Theorem lemma2 (R : realType) (alpha epsilon : R) (eps : nat -> R)
    (U L : nat -> int) (lam q : R) (T : nat) :
  0 < alpha < 1 -> 0 < epsilon < 1 ->
  spending eps epsilon ->
  is_boundaries alpha eps U L ->
  0 < lam -> 0 < q -> (1 <= T)%N ->
  (forall t : nat, (T <= t)%N -> lam * (t%:R `^ (- q)) <= eps t - eps t.-1) ->
  forall t : nat, (T <= t)%N ->
    U t <= Num.ceil (t%:R * alpha
                     + Num.sqrt (t%:R * (q * ln t%:R - ln lam) / 2)) /\
    Num.floor (t%:R * alpha
               - Num.sqrt (t%:R * (q * ln t%:R - ln lam) / 2)) <= L t.
Proof.
move=> /andP[a_gt0 a_lt1] _ [eps0_ge0 _] bounds lam_gt0 _ T_ge1 increment t T_le_t.
have t_gt0 : (0 < t)%N := leq_trans T_ge1 T_le_t.
have [a_ge0 a_le1] := (ltW a_gt0, ltW a_lt1).
set r := Num.sqrt _.
have tail_le : expR (- (2 * r ^+ 2 / t%:R)) <= eps t - eps t.-1.
  exact: le_trans (expR_hoeffding_radius q t_gt0 lam_gt0) (increment t T_le_t).
split.
- apply: (boundary_upper_le _ _ a_ge0 a_le1 eps0_ge0 bounds _ _ t_gt0).
    by rewrite -gtz0_ge1 ceil_gt0 ltr_wpDr ?sqrtr_ge0 // mulr_gt0 ?ltr0n.
  by apply: le_trans tail_le; apply: Pr_upper_tail; rewrite ?sqrtr_ge0 ?ceil_ge.
- apply: (boundary_lower_ge _ _ a_ge0 a_le1 eps0_ge0 bounds _ _ t_gt0).
  by apply: le_trans tail_le; apply: Pr_lower_tail; rewrite ?sqrtr_ge0 ?floor_le.
Qed.
Lemma psumr_gt0 (I : finType) (u : I -> F) i :
  (forall k, 0 <= u k) -> 0 < u i -> 0 < \sum_k u k.
Proof.
by move=> u_ge0 ui_gt0; rewrite (bigD1 i) //= ltr_pwDl // sumr_ge0.
Qed.

Lemma sg_sq (x : F) : x != 0 -> Num.sg x * Num.sg x = 1.
Proof. by move=> x_neq0; rewrite -expr2 sqr_sg x_neq0. Qed.

Lemma normr_sq1 (x : F) : x * x = 1 -> `|x| = 1.
Proof.
move=> xx1; have : `|x| * `|x| = 1 by rewrite -normrM xx1 normr1.
by have := normr_ge0 x; move: `|x| => y y_ge0 yy1; nra.
Qed.

Lemma normD_cancel (x y m : F) :
  x * y <= 0 -> m <= `|x| -> m <= `|y| -> `|x + y| + 2 * m <= `|x| + `|y|.
Proof.
move=> xy_le0 mx my.
suff : `|x + y| <= `|x| + `|y| - 2 * m by lra.
rewrite ler_norml; have [x0|x0] := lerP 0 x; have [y0|y0] := lerP 0 y;
  rewrite ?(ger0_norm x0) ?(ltr0_norm x0) ?(ger0_norm y0) ?(ltr0_norm y0) in mx my *;
  apply/andP; split; nra.
Qed.

Lemma ler_norm_sum_cancel (I : finType) (u : I -> F) a b m :
  a != b -> u a * u b <= 0 -> m <= `|u a| -> m <= `|u b| ->
  `|\sum_k u k| + 2 * m <= \sum_k `|u k|.
Proof.
move=> ab uab ma mb.
have split2 (v : I -> F) : \sum_k v k = v a + v b + \sum_(k | (k != a) && (k != b)) v k.
  by rewrite (bigD1 a) //= (bigD1 b) 1?eq_sym //= addrA.
rewrite split2 [X in _ <= X]split2.
have := normD_cancel uab ma mb.
have := ler_normD (u a + u b) (\sum_(k | (k != a) && (k != b)) u k).
have : `|\sum_(k | (k != a) && (k != b)) u k| <= \sum_(k | (k != a) && (k != b)) `|u k|.
  exact: ler_norm_sum.
lra.
Qed.

Section WeightedAverage.
Variables (I : finType) (w x : I -> F).
Hypotheses (w_ge0 : forall k, 0 <= w k) (sumw_gt0 : 0 < \sum_k w k).

Lemma wavg_bounds lo hi : (forall k, lo <= x k <= hi) ->
  lo <= (\sum_k w k * x k) / (\sum_k w k) <= hi.
Proof.
move=> x_in; rewrite ler_pdivlMr // ler_pdivrMr // !mulr_sumr.
apply/andP; split; apply: ler_sum => k _; have := w_ge0 k; case/andP: (x_in k); nra.
Qed.

Lemma wavg_le_sub hi k0 : (forall k, x k <= hi) ->
  (\sum_k w k * x k) / (\sum_k w k) <= hi - w k0 / (\sum_k w k) * (hi - x k0).
Proof.
move=> x_le.
have gap : w k0 * (hi - x k0) <= \sum_k w k * (hi - x k).
  rewrite (bigD1 k0) //= lerDl sumr_ge0 // => k _.
  by rewrite mulr_ge0 // subr_ge0.
have E : \sum_k w k * (hi - x k) = hi * \sum_k w k - \sum_k w k * x k.
  by rewrite mulr_sumr -sumrB; apply: eq_bigr => k _; ring.
rewrite E in gap.
rewrite ler_pdivrMr // mulrBl mulrAC divfK ?gt_eqF //; lra.
Qed.

Lemma wavg_ge_add lo k0 : (forall k, lo <= x k) ->
  lo + w k0 / (\sum_k w k) * (x k0 - lo) <= (\sum_k w k * x k) / (\sum_k w k).
Proof.
move=> x_ge.
have gap : w k0 * (x k0 - lo) <= \sum_k w k * (x k - lo).
  rewrite (bigD1 k0) //= lerDl sumr_ge0 // => k _.
  by rewrite mulr_ge0 // subr_ge0.
have E : \sum_k w k * (x k - lo) = \sum_k w k * x k - lo * \sum_k w k.
  by rewrite mulr_sumr -sumrB; apply: eq_bigr => k _; ring.
rewrite E in gap.
rewrite ler_pdivlMr // mulrDl mulrAC divfK ?gt_eqF //; lra.
Qed.

End WeightedAverage.
End RealFacts.

Section RealAnalysis.
Variable R : realType.
Lemma m_S k : m (S k) = Rmin (m k) (modulus (history g (S k))).
Proof.
  unfold m.
  assert (Hrev : rev (history g (S k)) = g k :: rev (history g k))
    by (rewrite history_S, rev_app_distr; reflexivity).
  rewrite Hrev. cbn [running_min]. rewrite <- Hrev, rev_involutive. reflexivity.
Qed.

Lemma m_pos k : 0 < m k.
Proof. apply running_min_pos. Qed.

Lemma m_le1 k : m k <= 1.
Proof.
  induction k as [|k IH].
  - apply Rmin_l.
  - rewrite m_S. eapply Rle_trans; [apply Rmin_l | exact IH].
Qed.

Lemma m_le_modulus k : m k <= modulus (history g k).
Proof. destruct k; [apply Rmin_r | rewrite m_S; apply Rmin_r]. Qed.

Lemma m_antitone i j : (i <= j)%nat -> m j <= m i.
Proof.
  induction 1 as [|j _ IH]; [lra|].
  rewrite m_S. eapply Rle_trans; [apply Rmin_l | exact IH].
Qed.

Lemma stage_step k x : d Y (F (S k) x) (F k x) <= m k * (/2) ^ (k + 3).
Proof.
  destruct (Hg k) as [_ [Hclose _]]. left.
  unfold sigmaI in Hclose. rewrite length_history in Hclose.
  apply Hclose. exists x. reflexivity.
Qed.

Lemma stage_continuous k : continuous_on (fun _ => True) (F k).
Proof.
  induction k as [|k IH]; [apply Hf0|].
  apply (continuous_comp X Y Y (F k) (g k)); [exact IH | apply (Hg k)].
Qed.

Lemma stage_inverse_unif_continuous k : inverse_unif_continuous_on (fun _ => True) (F k).
Proof.
  induction k as [|k IH]; [exact Hf0u|].
  apply (inverse_unif_continuous_comp X Y Y (F k) (g k)); [exact IH | apply (Hg k)].
Qed.

Lemma stage_inverse_modulus k x x' : d Y (F k x) (F k x') < m k -> d X x x' < (/2) ^ k.
Proof.
  intros Hd.
  destruct (proj2 (modulus_spec (history g k))) as [_ Hmod].
  - destruct (stage_inverse_unif_continuous k ((/2) ^ k) (half_pow_pos k))
      as [de [Hde Hu]].
    exists de. split; [exact Hde|]. intros z z' Hz.
    rewrite length_history. apply Hu; auto. rewrite !stage_history in Hz. exact Hz.
  - rewrite length_history in Hmod. apply Hmod.
    rewrite !stage_history. pose proof (m_le_modulus k). fold F. lra.
Qed.
(* If x_i occurred in no F_j, setting x_i := 1 would stay in S, which lies
   in (0,1)^n. *)
Lemma deg_gt0_of_point m (F : 'I_m -> {mpoly R[n]}) (x : 'rV[R]_n) :
  (forall y, zero_set F y -> forall i, 0 < coords y i < 1) -> zero_set F x ->
  forall i, (0 < deg F i)%N.
Proof.
move=> in01 Sx i; rewrite lt0n; apply/negP => /eqP deg0.
pose y : 'rV[R]_n := \row_k (if k == i then 1 else x ord0 k).
suff /in01 /(_ i) : zero_set F y by rewrite /coords mxE eqxx ltxx andbF.
move=> j; rewrite -(Sx j) /peval !mevalE; apply: eq_big_seq => mm mmF; congr (_ * _).
apply: eq_bigr => k _; rewrite /coords mxE; case: eqP => [->|//].
by have := deg_msupp i mmF; rewrite deg0 leqn0 => /eqP ->; rewrite !expr0.
Qed.

Lemma pair_case m (F : 'I_m -> {mpoly R[n]}) (x : 'rV[R]_n) (i0 : 'I_n) :
  (forall y, zero_set F y -> forall i, 0 < coords y i < 1) -> zero_set F x ->
  (2 <= deg F i0)%N -> block_total (deg F) = 2%N ->
  exists u : game2 R (block_total (deg F) + m),
    stably_isomorphic (totally_mixed_NE u) (zero_set F).
Proof.
case: m F => [|m'] F in01 Sx deg_i0 D2; have deg_gt0 := deg_gt0_of_point in01 Sx.
  (* Without equations S is all of R^n, hence contains 0. *)
  have : zero_set F 0 by case.
  by move=> /in01 /(_ i0); rewrite /coords mxE ltxx.
exists (poly_game (game_terms (pair_terms deg_gt0 i0))).
by have := pair_game_stably_isomorphic deg_gt0 D2 deg_i0 in01.
Qed.

End MainTheorem.

Unset Implicit Arguments.
Set Strict Implicit.

Theorem theorem6 (R : realType) (n m : nat) (F : 'I_m -> mpoly.mpoly n R) :
  (forall x : 'rV[R]_n, zero_set F x ->
     (forall i : 'I_n, 0 < coords x i) /\ \sum_(i < n) coords x i < 1) ->
  let D' := (\sum_(i < n) \max_(j < m) deg_in (F j) i)%N in
  exists u : game2 R (D' + m),
    stably_isomorphic (totally_mixed_NE u) (zero_set F).
Proof.
move=> simplex D'; change D' with (block_total (deg F)).
have in01 x : zero_set F x -> forall i, 0 < coords x i < 1.
  move=> /simplex [x_gt0 sum_lt1] i; rewrite x_gt0 /=; apply: le_lt_trans sum_lt1.
  by rewrite (bigD1 i) //= lerDl sumr_ge0 // => k _; rewrite ltW.
have [S0|/set0P [x Sx]] := eqVneq (zero_set F) set0.
  exact: empty_zero_set_game.
have deg_gt0 := deg_gt0_of_point in01 Sx.
have [chain_room|] := pselect ((3 <= block_total (deg F))%N \/ forall i, (deg F i <= 1)%N).
  exists (poly_game (game_terms (@chain_terms R n m F))).
  exact: chain_game_stably_isomorphic deg_gt0 chain_room in01.
move=> /not_orP [/negP D_lt3 /existsNP [i0 /negP deg_i0]].
have D_ge := block_end_le_total (deg F) i0; rewrite -ltnNge in deg_i0 D_lt3.
have D2 : block_total (deg F) = 2%N by lia.
exact: pair_case in01 Sx deg_i0 D2.
Qed.
Lemma convex_gradient_le h g x y :
  convex_fun h -> gradient_of h g -> h y + dotv (g y) (x - y) <= h x.
Proof.
move=> hc /(_ y)[hd hD].
have /cvg_ex[/= l hl] := @diff_derivable _ _ _ _ _ (x - y) hd.
have -> : dotv (g y) (x - y) = l by rewrite -hD /derive; exact: cvg_lim.
rewrite -lerBrDl.
apply: (@cvg_at_right0_le (fun s => s^-1 *: (h (s *: (x - y) + y) - h y)) _ _ hl).
move=> s /andP[s0 s1].
have := hc x y s; rewrite s1 ltW //= => /(_ isT).
have -> : s *: x + (1 - s) *: y = s *: (x - y) + y.
  by rewrite scalerBl scale1r scalerBr addrA addrAC.
rewrite /GRing.scale /= ler_pdivrMl //; lra.
Qed.

(* Compare the first-order lower bound at x with the quadratic upper bound at
   y, both evaluated at the minimiser z = y - (g y - g x) / L of the latter. *)
Lemma smooth_bregman_ge h g (L : R) x y :
  0 < L -> convex_fun h -> gradient_of h g -> L_smooth L h g ->
  sqnorm (g x - g y) / (2 * L) <= bregman h g y x.
Proof.
move=> L0 hc hg hs.
set w := g y - g x; pose z := y - L^-1 *: w.
have lower := convex_gradient_le z x hc hg.
have upper := hs z y.
have zx : z - x = (y - x) - L^-1 *: w by rewrite /z addrAC.
have zy : z - y = - (L^-1 *: w) by rewrite /z addrAC subrr add0r.
rewrite zx dotvBr dotvZr in lower; rewrite zy dotvNr dotvZr sqnormN sqnormZ in upper.
have sw : sqnorm w = dotv (g y) w - dotv (g x) w by rewrite /sqnorm {1}/w dotvBl.
have -> : sqnorm (g x - g y) / (2 * L) = L^-1 * sqnorm w / 2.
  by rewrite -sqnormN opprB; field; rewrite gt_eqF.
have quad : L / 2 * (L^-1 ^+ 2 * sqnorm w) = L^-1 * sqnorm w / 2.
  by field; rewrite gt_eqF.
rewrite quad in upper; rewrite sw in upper *.
rewrite /bregman; lra.
Qed.

Lemma gradient_step_le h g (L eta : R) x y c :
  0 < L -> 0 < eta -> eta <= 1 / (2 * L) ->
  convex_fun h -> gradient_of h g -> L_smooth L h g ->
  sqnorm ((x - eta *: g x) - (y - eta *: c)) <=
  sqnorm (x - y) - 2 * eta * (h x - h y - dotv c (x - y))
    + 2 * eta ^+ 2 * sqnorm (g y - c).
Proof.
move=> L0 eta0 etaL hc hg hs.
have coco := smooth_bregman_ge x y L0 hc hg hs.
have -> : (x - eta *: g x) - (y - eta *: c)
    = (x - y) - eta *: ((g x - g y) + (g y - c)).
  by apply/rowP => i; rewrite !mxE; ring.
rewrite sqnormB sqnormZ dotvZr dotvC dotvDl !dotvBl.
have split_le := sqnormD_le (g x - g y) (g y - c).
set P := sqnorm (g x - g y) in coco split_le *.
have etaP : eta * P <= P / (2 * L).
  by rewrite mulrC ler_wpM2l ?sqnorm_ge0 // -div1r.
have eta_etaP := ler_wpM2l (ltW eta0) etaP.
have eta_coco := ler_wpM2l (ltW eta0) coco.
have eta2_split := ler_wpM2l (sqr_ge0 eta) split_le.
have bregman_yx : bregman h g y x = h y - h x + dotv (g x) (x - y).
  by rewrite /bregman -[y - x]opprB dotvNr opprK.
rewrite bregman_yx in eta_coco; lra.
Qed.

End first_order.

Section rV_measurable.
Context (dT : measure_display) (T : measurableType dT) (R : realType) (n : nat).
Implicit Types (V W : T -> 'rV[R]_n).

Definition rV_measurable V := forall i, measurable_fun setT (fun t => V t ord0 i).

Lemma rV_measurable_cst (a : 'rV[R]_n) : rV_measurable (fun=> a).
Proof. by move=> i; exact: measurable_cst. Qed.

Lemma rV_measurableB V W :
  rV_measurable V -> rV_measurable W -> rV_measurable (fun t => V t - W t).
Proof.
move=> mV mW i; rewrite (_ : (fun t => _) = fun t => V t ord0 i - W t ord0 i).
  exact: measurable_funB.
by apply/funext => t; rewrite !mxE.
Qed.

Lemma rV_measurableZ (k : R) V : rV_measurable V -> rV_measurable (fun t => k *: V t).
Proof.
move=> mV i; rewrite (_ : (fun t => _) = fun t => k * V t ord0 i).
  exact: measurable_funM.
by apply/funext => t; rewrite !mxE.
Qed.

Lemma measurable_sqnorm V : rV_measurable V -> measurable_fun setT (fun t => sqnorm (V t)).
Proof. by move=> mV; apply: measurable_sum => i; exact: measurable_funM. Qed.

End rV_measurable.

(* No measurability is assumed: these follow from the definition of the
   integral of a nonnegative function as a supremum over simple functions. *)
Section ge0_integral.
Local Open Scope ereal_scope.
Context (dT : measure_display) (T : measurableType dT) (R : realType).
Variable mu : {measure set T -> \bar R}.
Import HBNNSimple.

Lemma le_ge0_integral (f g : T -> \bar R) :
  (forall x, 0 <= f x) -> (forall x, f x <= g x) ->
  \int[mu]_x f x <= \int[mu]_x g x.
Proof.
move=> f0 fg; rewrite !ge0_integralTE //; last by move=> x; exact: le_trans (f0 x) (fg x).
apply: ereal_sup_le => _ [h hf <-]; exists h => //= x.
exact: le_trans (hf x) (fg x).
Qed.

Lemma le_ge0_integralZl (a : R) (f : T -> \bar R) : (0 <= a)%R ->
  (forall x, 0 <= f x) -> a%:E * \int[mu]_x f x <= \int[mu]_x (a%:E * f x).
Proof.
move=> a0 f0; have [->|a_neq0] := eqVneq a 0%R.
  by rewrite mul0e integral_ge0 // => x _; rewrite mul0e.
have a_gt0 : (0 < a)%R by rewrite lt_def a_neq0.
rewrite -lee_pdivlMl // [X in X <= _]ge0_integralTE //.
apply: ge_ereal_sup => _ [k kf <-]; rewrite lee_pdivlMl // -sintegralrM.
rewrite ge0_integralTE; last by move=> x; rewrite mule_ge0.
apply: ereal_sup_ubound; exists (scale_nnsfun k (ltW a_gt0)) => //= x.
by rewrite EFinM lee_pmul2l ?lte_fin.
Qed.

Lemma ge0_integral_superadditive (f g h : T -> \bar R) :
  (forall x, 0 <= f x) -> (forall x, 0 <= g x) -> (forall x, f x + g x <= h x) ->
  \int[mu]_x f x + \int[mu]_x g x <= \int[mu]_x h x.
Proof.
move=> f0 g0 fgh.
have h0 x : 0 <= h x by apply: le_trans _ (fgh x); rewrite adde_ge0.
rewrite !ge0_integralTE //.
set Ih := (X in _ <= X).
have simple_le (s k : {nnsfun T >-> R}) : (forall x, (s x)%:E <= f x) ->
    (forall x, (k x)%:E <= g x) -> sintegral mu s + sintegral mu k <= Ih.
  move=> sf kg; rewrite -sintegralD; apply: ereal_sup_ubound.
  exists (add_nnsfun s k) => //= x.
  by rewrite EFinD; apply: le_trans _ (fgh x); exact: leeD.
have [->|Ih_fin] := eqVneq Ih +oo; first by rewrite leey.
have Ih_num : Ih \is a fin_num.
  rewrite ge0_fin_numE ?lt_neqAle ?Ih_fin ?leey //.
  apply: ereal_sup_ubound; exists nnsfun0; last exact: sintegral0.
  by move=> x /=; rewrite h0.
rewrite addeC -lee_suber_addr //; apply: ge_ereal_sup => _ [k kg <-] /=.
rewrite lee_suber_addr // addeC -lee_suber_addr //.
apply: ge_ereal_sup => _ [s sf <-] /=.
by rewrite lee_suber_addr //; exact: simple_le.
Qed.

End ge0_integral.

Section EFin_integral.
Context (dT : measure_display) (T : measurableType dT) (R : realType).
Variable mu : {measure set T -> \bar R}.
Implicit Types f g : T -> R.

Lemma EFin_integrableD f g : mu.-integrable setT (EFin \o f) ->
  mu.-integrable setT (EFin \o g) -> mu.-integrable setT (EFin \o (fun x => f x + g x)).
Proof.
move=> fi gi; apply: (eq_integrable _ ((EFin \o f) \+ (EFin \o g))) => //.
exact: integrableD.
Qed.

Lemma EFin_integrableZl (k : R) f : mu.-integrable setT (EFin \o f) ->
  mu.-integrable setT (EFin \o (fun x => k * f x)).
Proof.
move=> fi; apply: (eq_integrable _ (fun x => k%:E * (EFin \o f) x)%E) => //.
exact: integrableZl.
Qed.

Lemma ge0_EFin_integrable f : measurable_fun setT f -> (forall x, 0 <= f x) ->
  (\int[mu]_x (f x)%:E < +oo)%E -> mu.-integrable setT (EFin \o f).
Proof.
move=> mf f0 fi; apply/integrableP; split; first exact/measurable_EFinP.
rewrite (eq_integral (fun x => (f x)%:E)) // => x _.
by rewrite /comp gee0_abs // lee_fin.
Qed.

Lemma ae_ge0_integral_maxr f : measurable_fun setT f -> {ae mu, forall x, 0 <= f x} ->
  (\int[mu]_x (f x)%:E = \int[mu]_x (Num.max (f x) 0)%:E)%E.
Proof.
move=> mf f0; apply: ae_eq_integral => //.
- exact/measurable_EFinP.
- by apply/measurable_EFinP; apply: measurable_maxr => //; exact: measurable_cst.
- by apply: filterS f0 => x fx0 _; congr EFin; apply/esym/max_idPl.
Qed.

Lemma ae_le_Rintegral f g : mu.-integrable setT (EFin \o f) ->
  mu.-integrable setT (EFin \o g) -> {ae mu, forall x, f x <= g x} ->
  Rintegral mu setT f <= Rintegral mu setT g.
Proof.
move=> fi gi fg; rewrite -subr_ge0 -RintegralB //.
have gfi : mu.-integrable setT (EFin \o (fun x => g x - f x)).
  by apply: (eq_integrable _ ((EFin \o g) \- (EFin \o f))%E) => //; exact: integrableB.
have mgf : measurable_fun setT (fun x => g x - f x).
  exact/measurable_EFinP/(measurable_int mu gfi).
rewrite /Rintegral ae_ge0_integral_maxr //; last by apply: filterS fg => x; rewrite subr_ge0.
by apply: fine_ge0; apply: integral_ge0 => x _; rewrite lee_fin le_max lexx orbT.
Qed.

Lemma integral_le_Rintegral f g : measurable_fun setT f -> (forall x, 0 <= f x) ->
  mu.-integrable setT (EFin \o g) -> {ae mu, forall x, f x <= g x} ->
  (\int[mu]_x (f x)%:E <= (Rintegral mu setT g)%:E)%E.
Proof.
move=> mf f0 gi fg.
have mg : measurable_fun setT g by exact/measurable_EFinP/(measurable_int mu gi).
have g0 : {ae mu, forall x, 0 <= g x} by apply: filterS fg => x; exact: le_trans.
rewrite /Rintegral fineK; last exact: integrable_fin_num.
rewrite (ae_ge0_integral_maxr mg g0); apply: ae_ge0_le_integral => //.
- by move=> x _; rewrite lee_fin.
- exact/measurable_EFinP.
- by move=> x _; rewrite lee_fin le_max lexx orbT.
- by apply/measurable_EFinP; apply: measurable_maxr => //; exact: measurable_cst.
- by apply: filterS fg => x fgx _; rewrite lee_fin le_max fgx.
Qed.

End EFin_integral.

Lemma convex_Rintegral (R : realType) (d : nat) (dX : measure_display)
    (X : measurableType dX) (mu : {measure set X -> \bar R})
    (F : X -> 'rV[R]_d -> R) :
  (forall x, mu.-integrable setT (fun xi => (F xi x)%:E)) ->
  {ae mu, forall xi, convex_fun (F xi)} ->
  convex_fun (fun x => Rintegral mu setT (fun xi => F xi x)).
Proof.
move=> F_int F_convex x y l l01.
have F_intZ k w : mu.-integrable setT (EFin \o (fun xi => k * F xi w)).
  exact: EFin_integrableZl (F_int w).
have -> : l * Rintegral mu setT (fun xi => F xi x)
          + (1 - l) * Rintegral mu setT (fun xi => F xi y)
        = Rintegral mu setT (fun xi => l * F xi x + (1 - l) * F xi y).
  by rewrite RintegralD // !RintegralZl //; exact: F_int.
apply: ae_le_Rintegral; [exact: F_int | exact: EFin_integrableD |].
by apply: filterS F_convex => xi; exact.
Qed.

Lemma ge0_fin_num_le (R : realType) (u v : \bar R) :
  (0 <= u)%E -> (u <= v)%E -> v \is a fin_num -> u \is a fin_num.
Proof.
by move=> u0 uv /fin_numPlt/andP[_ vy]; rewrite ge0_fin_numE // (le_lt_trans uv vy).
Qed.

####################

#### TO DO:
In the material above, find every line that has the string "negP" and pull those lines out.

#### THE ANSWER:
move=> in01 Sx i; rewrite lt0n; apply/negP => /eqP deg0.
move=> /not_orP [/negP D_lt3 /existsNP [i0 /negP deg_i0]].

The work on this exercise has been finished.